One of Michael Gove’s first acts was to write to every school in the country – that includes tens of thousands of highly successful schools – and offer them academy status. Research by the Sutton Trust shows that many of the schools Gove wants to turn into academies are taking 40 per cent fewer poor pupils than the national average. David Blunkett has explained the practical flaws in Gove’s ideological plan but the academies model is now hardly recognisable from its original purpose.
And that brings us back to school admissions. Because if large numbers of schools are encouraged to take up academy status, they will become their own admissions authorities and will not be part of the local authority admissions process. That will undermine the comprehensive principle that Andy Burnham says he is so passionate about because academies can select a proportion of pupils by aptitude and can set other admissions criteria that makes them effectively selective.

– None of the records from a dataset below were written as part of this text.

Lemma sub_clique (A B : {set T}) : B \subset A -> is_clique e A -> is_clique e B.
Proof.
move=> /subsetP sBA /forall_inP clA; apply/forall_inP => x xB.
by apply/forall_inP => y yB; apply: (forall_inP (clA x (sBA x xB))); apply: sBA.
Qed.

Lemma clique_edge (K : {set T}) x y :
  is_clique e K -> x \in K -> y \in K -> x != y -> e x y.
Proof. by move=> /forall_inP clK xK yK; apply/implyP; apply: (forall_inP (clK x xK)). Qed.

Lemma clique_card_le_omega (K : {set T}) : is_clique e K -> #|K| <= omega e.
Proof. exact: (@leq_bigmax_cond _ (is_clique e) (fun K => #|K|)). Qed.

Lemma exists_max_clique : exists2 K : {set T}, is_clique e K & #|K| = omega e.
Proof.
have cliques_gt0 : 0 < #|[pred K : {set T} | is_clique e K]|.
  by apply/card_gt0P; exists set0; apply/forall_inP => x; rewrite inE.
have [K clK omegaK] := eq_bigmax_cond (fun K : {set T} => #|K|) cliques_gt0.
by exists K; rewrite // /omega omegaK.
Qed.

Lemma card_gt_omega_nonadj (A : {set T}) : omega e < #|A| ->
  exists x y, [/\ x \in A, y \in A, x != y & ~~ e x y].
Proof.
move=> ltA; have /forall_inPn[x xA /forall_inPn[y yA]] : ~~ is_clique e A.
  by apply: contraTN ltA => /clique_card_le_omega; rewrite leqNgt.
by rewrite negb_imply => /andP[nxy nexy]; exists x, y.
Qed.

Lemma connected_matching_le_cm M : is_connected_matching e M -> #|M| <= cm e.
Proof. exact: (@leq_bigmax_cond _ (is_connected_matching e) (fun M => #|M|)). Qed.

Lemma connected_matching0 : is_connected_matching e set0.
Proof. by apply/andP; split; [apply/andP; split|]; apply/forall_inP => f; rewrite inE. Qed.

Lemma cover0 : cover (set0 : {set {set T}}) = set0.
Proof. by rewrite /cover big_set0. Qed.

Lemma cover_add a b (M : {set {set T}}) : cover ([set a; b] |: M) = [set a; b] :|: cover M.
Proof. by rewrite /cover bigcup_setU big_set1. Qed.

Lemma sub_cover f (M : {set {set T}}) : f \in M -> f \subset cover M.
Proof. exact: bigcup_sup. Qed.

Lemma disjoint_set2 a b (A : {set T}) :
  [disjoint [set a; b] & A] = (a \notin A) && (b \notin A).
Proof. by rewrite disjoints_subset subUset !sub1set !inE. Qed.

Lemma card_cover_matching M : is_matching e M -> #|cover M| <= 2 * #|M|.
Proof.
case/andP => /forall_inP edgeM _; rewrite mulnC -sum_nat_const.
apply: leq_trans (leq_card_cover M).1 _; apply: leq_sum => f /edgeM.
by case/existsP => x /existsP[y /andP[_ /eqP->]]; rewrite cards2; case: (x != y).
Qed.

Section AddEdge.
Variables (M : {set {set T}}) (a b : T).
Hypothesis fresh_ab : [disjoint [set a; b] & cover M].

Lemma card_add_edge : #|[set a; b] |: M| = #|M|.+1.
Proof.
suff abM : [set a; b] \notin M by rewrite cardsU1 abM.
apply: contraFN (disjointFr fresh_ab (set21 a b)) => abM.
exact: subsetP (sub_cover abM) _ (set21 a b).
Qed.

Lemma connected_matching_add : is_connected_matching e M -> e a b ->
  {in M, forall f, linked [set a; b] f} -> is_connected_matching e ([set a; b] |: M).
Proof.
case/andP => /andP[/forall_inP edgeM /forall_inP disjM] /forall_inP connM eab linkM.
have disj_ab f : f \in M -> [disjoint [set a; b] & f].
  by move=> fM; apply: disjointWr (sub_cover fM) fresh_ab.
have edge_ab : is_edge_set e [set a; b].
  by apply/existsP; exists a; apply/existsP; exists b; rewrite eab eqxx.
apply/andP; split; first (apply/andP; split).
- by apply/forall_inP => f /setU1P[->|/edgeM].
- apply/forall_inP => f /setU1P[->|fM]; apply/forall_inP => g /setU1P[->|gM];
    rewrite ?eqxx //.
  + by rewrite disj_ab ?implybT.
  + by rewrite disjoint_sym disj_ab ?implybT.
  + exact: (forall_inP (disjM f fM)).
- apply/forall_inP => f /setU1P[->|fM]; apply/forall_inP => g /setU1P[->|gM];
    rewrite ?eqxx //.
  + by apply/implyP => _; apply: linkM.
  + by apply/implyP => _; move: (linkM f fM); rewrite linkedC.
  + exact: (forall_inP (connM f fM)).
Qed.
End AddEdge.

David Miliband continues to claim credit for creating the Building Schools for the Future programme when he was junior schools minister under Charles Clarke, despite the fact that Ed Miliband and Ed Balls were advising the Chancellor on this multi-billion pound, decade long programme to rebuild or refurbish every single secondary school in the country. What David Miliband definitely does deserve the credit for is agreeing the social partnership agreement with every teaching and support staff union other than the NUT. It was a successful workforce reform that set new ground for industrial relations in the public sector. In his opening statement at the New Statesman hustings, David Miliband quoted Tony Crosland and said he is standing “to tackle inequalities of wealth, power and opportunity”. That is going to require a renewed public service reform agenda that he has yet to set out.
Ed Balls got the biggest cheer of the night on Monday when he criticised Labour MP Frank Field for questioning the value of breakfast clubs as his first act after being appointed by David Cameron. Breakfast clubs, as well as extended schools and out of hours activities were a huge part of Labour’s school reform agenda but the left needs new reforms to argue in favour of, as well as opposing the reforms of the coalition government.